ComfyUI Extension: LM Studio Image to Text Node for ComfyUI

Authored by mattjohnpowell

Created about a year ago

Updated 13 days ago

19 stars

A custom node for ComfyUI that integrates LM Studio's vision models to generate text descriptions of images. It provides a flexible and customizable way to add image-to-text capabilities to your ComfyUI workflows, working with LM Studio's local API.

Custom Nodes (2)

README

LM Studio Nodes for ComfyUI

Author: Matt John Powell

This extension provides a suite of custom nodes for ComfyUI that deeply integrate LM Studio's capabilities using the official lmstudio Python SDK. It allows you to leverage locally run models for various generative tasks directly within your ComfyUI workflows.

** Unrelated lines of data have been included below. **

(* The assignments $L\mapsto\operatorname{Spec}L$ and $X\mapsto L_{\mathrm{open}}(X)$ form an adjoint pair of contravariant functors between the category of ideal lattices and the category of spectral spaces: for every ideal lattice $L$ and spectral space $X$ there are mutually inverse natural bijections between morphisms of ideal lattices $L\to L_{\mathrm{open}}(X)$ and continuous maps $X\to\operatorname{Spec}L$, given by $\phi\mapsto\big(x\mapsto\bigvee\{c \text{ compact}\mid x\notin\phi(c)\}\big)$ and $f\mapsto\big(a\mapsto f^{-1}(D(a))\big)$. Moreover, $L_{\mathrm{open}}$ is fully faithful, and an ideal lattice $L$ is isomorphic to one of the form $L_{\mathrm{open}}(X)$ if and only if every element of $L$ is semi-prime.
   Context: An ideal lattice is a poset $(L,\leq)$ with an associative multiplication such that: (L1) $L$ is a complete lattice; (L2) every element is a supremum of compact elements ($a$ is compact if $a\leq\sup A$ implies $a\leq\sup A'$ for some finite $A'\subseteq A$); (L3) multiplication distributes over binary joins on both sides; (L4) $1=\sup L$ is compact and is a two-sided identity; (L5) products of compact elements are compact. A morphism of ideal lattices $\phi\colon L\to L'$ is a map preserving arbitrary suprema, with $\phi(1)=1$ and $\phi(ab)=\phi(a)\phi(b)$. Prime: $p\neq1$ with $ab\leq p\Rightarrow a\leq p$ or $b\leq p$; semi-prime: $bb\leq a\Rightarrow b\leq a$. $\operatorname{Spec}L$: set of primes with closed sets $V(a)=\{p\mid a\leq p\}$, opens $D(a)=\{p\mid a\not\leq p\}$; a morphism $\phi\colon L\to L'$ induces the continuous map $\operatorname{Spec}L'\to\operatorname{Spec}L$, $p\mapsto\sup\{a\mid\phi(a)\leq p\}$. $L_{\mathrm{open}}(X)$ is the lattice of open subsets of $X$ with multiplication $U\cap V$; a continuous map $f$ induces $U\mapsto f^{-1}(U)$. A spectral space is a $T_0$, quasi-compact space whose quasi-compact open subsets are closed under finite intersections and form an open basis, and in which every non-empty irreducible closed subset has a generic point. *)

From Stdlib Require Import List Classical.
Import ListNotations.
(* Let $n\ge 1$ and $0\le r\le n$, and let $G_{n,r}$ be the simple graph on $V=\{0,1,\ldots,n\}$ obtained from the complete graph $K_{n+1}$ by deleting the $r$ edges $\{0,i\}$ for $n-r+1\le i\le n$. Then $\dim_{\mathbb K}\left(R_n/\mathcal{M}_{G_{n,r}}^{(1)}\right)=\det\left(\widetilde Q_{G_{n,r}}\right)$.
   Context: $\mathbb K$ is a field, $R_n=\mathbb K[x_1,\ldots,x_n]$. For a loopless multigraph $G$ on $V=\{0,1,\ldots,n\}$ with adjacency matrix $[a_{ij}]_{0\le i,j\le n}$ ($a_{ij}=a_{ji}$ = number of edges between $i$ and $j$, $a_{ii}=0$), and $\emptyset\ne A\subseteq[n]$, put $d_A(i)=\sum_{j\in V\setminus A}a_{ij}$ for $i\in A$, and $m_A=\prod_{i\in A}x_i^{d_A(i)}$. The $1$-skeleton ideal is $\mathcal{M}_G^{(1)}=\langle m_A:\emptyset\ne A\subseteq[n],\ |A|\le 2\rangle\subseteq R_n$. Writing $d_i=\sum_{j\in V}a_{ij}$, the truncated signless Laplace matrix $\widetilde Q_G$ is the $n\times n$ matrix with entries $(\widetilde Q_G)_{ii}=d_i$ and $(\widetilde Q_G)_{ij}=a_{ij}$ for $i\ne j$, $i,j\in[n]$ (i.e. $D+A(G)$ with row and column of the root $0$ deleted). *)

From HB Require Import structures.
From mathcomp Require Import all_boot all_order all_algebra.
From mathcomp Require Import multinomials.mpoly.
Set Implicit Arguments. Unset Strict Implicit. Unset Printing Implicit Defensive.
Import GRing.Theory.
Local Open Scope ring_scope.

(* Vertices V = {0,...,n} are 'I_n.+1 (0 = root); the variable x_i (i in [n])
   is 'X_k with k : 'I_n, corresponding to vertex i = k+1 = lift ord0 k. *)
Definition vtx (n : nat) (k : 'I_n) : 'I_n.+1 := lift ord0 k.
Lemma Rintegral_cst_full mu k : mu S = 1%E -> \int[mu]_(s in S) k = k.
Proof.
move=> muS; rewrite Rintegral_cst // -[RHS]mulr1; congr (_ * _).
by rewrite -[RHS]/(fine 1%E) -muS.
Qed.

Lemma integrable_EFinD mu f g : mu.-integrable S (EFin \o f) ->
  mu.-integrable S (EFin \o g) -> mu.-integrable S (EFin \o (f \+ g)).
Proof. by move=> intf intg; exact: eq_integrable (integrableD mS intf intg). Qed.

Lemma integrable_EFinB mu f g : mu.-integrable S (EFin \o f) ->
  mu.-integrable S (EFin \o g) -> mu.-integrable S (EFin \o (f \- g)).
Proof. by move=> intf intg; exact: eq_integrable (integrableB mS intf intg). Qed.

Lemma integrable_vA mu A : A != [::] -> mu.-integrable S (EFin \o vA A).
Proof.
move=> A0; apply: (@integrable_bounded _ _ (vA_bound A)).
  exact: measurable_vA.
by move=> s /sS; exact: ler_norm_vA.
Qed.

Definition payoff A : vec -> R := (vA A)^\+.

Definition value mu A : R := \int[mu]_(s in S) payoff A s.

Definition value_le mu1 mu2 : Prop :=
  forall A, A != [::] -> value mu1 A <= value mu2 A.

Lemma integrable_payoff mu A : A != [::] -> mu.-integrable S (EFin \o payoff A).
Proof. by move=> A0; exact: integrable_funrpos (integrable_vA mu A0). Qed.

Lemma value_ge0 mu A : 0 <= value mu A.
Proof. by apply: Rintegral_ge0 => s _; exact: funrpos_ge0. Qed.

Lemma value_scale mu k A : 0 < k -> A != [::] ->
  value mu (map (vscale k) A) = k * value mu A.
Proof.
move=> k0 A0; rewrite /value -RintegralZl //; last exact: integrable_payoff.
apply: eq_Rintegral => s _; rewrite /payoff /funrpos.
rewrite (vA_map (g := *%R k)) //; last by move=> a; rewrite dotvZ.
  by rewrite (maxr_pMr _ _ (ltW k0)) mulr0.
by move=> u v uv; rewrite ler_wpM2l // ltW.
Qed.

Lemma eq_value_le mu1 mu2 : (forall B, measurable B -> mu1 B = mu2 B) ->
  value_le mu1 mu2.
Proof.
move=> mu12 A A0; rewrite /value /Rintegral (eq_measure_integral mu2) //.
by move=> B mB _; exact: mu12.
Qed.

Variable c : R.
Hypothesis c0 : 0 < c.

Lemma excludesE mu A alpha : mu S = 1%E -> A != [::] ->
  excludes S c A alpha mu <-> alpha * value mu A <= c.
Proof.
move=> muS A0; rewrite /excludes.
by rewrite -(EFin_Rintegral (integrable_payoff mu A0)) -EFinM lee_fin.
Qed.

Lemma separating_firmP (pi1 pi2 : probability vec R) :
  pi1 S = 1%E -> pi2 S = 1%E ->
  (exists A alpha, is_firm A alpha /\
     excludes S c A alpha pi1 /\ ~ excludes S c A alpha pi2) <->
  ~ value_le pi2 pi1.
Proof.
move=> pi1S pi2S; split.
  move=> [A [alpha [[/eqP A0 /andP[alpha0 _]] []]]].
  rewrite !excludesE // => ex1 nex2 le21; apply: nex2.
  by apply: le_trans ex1; rewrite ler_wpM2l ?le21 // ltW.
move=> not_le21.
have [A A0 lt12] : exists2 A, A != [::] & value pi1 A < value pi2 A.
  apply: contrapT => none; apply: not_le21 => A A0; rewrite leNgt.
  by apply/negP => lt12; apply: none; exists A.
have v1_ge0 := value_ge0 pi1 A.
(* scaling A by l puts c strictly between the values for pi1 and pi2 *)
pose l := 2 * c / (value pi1 A + value pi2 A).
have l0 : 0 < l by rewrite divr_gt0 ?mulr_gt0 //; lra.
have lA0 : map (vscale l) A != [::] by rewrite -size_eq0 size_map size_eq0.
exists (map (vscale l) A), 1.
split; first by split; [exact/eqP | rewrite ltr01 lexx].
rewrite !excludesE // !value_scale // !mul1r /l mulrAC.
rewrite ler_pdivrMr ?ltr_wpDl ?(le_lt_trans v1_ge0) //.
have gap : 0 < c * (value pi2 A - value pi1 A) by rewrite mulr_gt0 // subr_gt0.
split; first lra.
apply/negP; rewrite -ltNge mulrAC ltr_pdivlMr ?ltr_wpDl ?(le_lt_trans v1_ge0) //.
lra.
Qed.

Section TwoPopulations.
Variables pi1 pi2 : probability vec R.
Hypotheses (pi1S : pi1 S = 1%E) (pi2S : pi2 S = 1%E).

Lemma excludes_implyP :
  (forall A alpha, is_firm A alpha ->
     excludes S c A alpha pi2 -> excludes S c A alpha pi1) <->
  value_le pi1 pi2.
Proof.
split=> [every | le12 A alpha [/eqP A0 /andP[alpha0 _]]].
  apply: contrapT; rewrite -(separating_firmP pi2S pi1S).
  by move=> [A [alpha [firm [ex2 nex1]]]]; apply: nex1; exact: every.
rewrite !excludesE // => ex2; apply: le_trans ex2.
by rewrite ler_wpM2l ?le12 // ltW.
Qed.

Lemma sys_discE :
  sys_disc S c pi1 pi2 <-> value_le pi1 pi2 /\ ~ value_le pi2 pi1.
Proof. by rewrite /sys_disc excludes_implyP separating_firmP. Qed.

Lemma unsys_discE :
  unsys_disc S c pi1 pi2 <-> ~ value_le pi2 pi1 /\ ~ value_le pi1 pi2.
Proof. by rewrite /unsys_disc !separating_firmP. Qed.

End TwoPopulations.

End Values.

(** * Payoffs are convex and continuous *)

Section PayoffRegularity.
Variables (R : realType) (n : nat).
Local Notation vec := (vec R n).
Variable A : seq vec.
Hypothesis A0 : A != [::].

Lemma vA_comb t x y : 0 <= t <= 1 ->
  vA A (comb t x y) <= t * vA A x + (1 - t) * vA A y.
Proof.
move=> /andP[t0 t1]; apply: vA_le => // a aA; rewrite dotv_comb.
by apply: lerD; apply: ler_wpM2l; rewrite ?subr_ge0 ?le_vA.
Qed.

The nodes offer functionalities including:

Unified Generation: Generate text from text prompts, image prompts, or both combined.
Image to Text: Generate detailed text descriptions of images using vision models.
Text Generation: Generate text based on a given prompt using language models, with streaming support.
Model Management: List available models, load models into memory with a TTL, and unload them.
Model Selection: Dynamically select models based on type (LLM/Vision) and text filters.
Setup Assistance: Helper node for SDK installation check, model listing, and download guidance.

Workflow Example

Here's an example of how the LM Studio nodes can be used in a ComfyUI workflow:

LM Studio Nodes Workflow (Ensure this image accurately reflects a workflow using the new nodes)

Features

Utilizes the official lmstudio Python SDK for robust connection and interaction.
Supports text-only, image-only (vision), and combined text+image inputs.
Identifies models using model_key strings (e.g., llama-3.2-1b-instruct).
Provides dedicated nodes for specific tasks (Image-to-Text, Text Generation).
Includes nodes for managing model memory (Load/Unload/List).
Offers a dynamic model selector node for easier workflow building.
Setup node provides guidance for installing the SDK and getting models.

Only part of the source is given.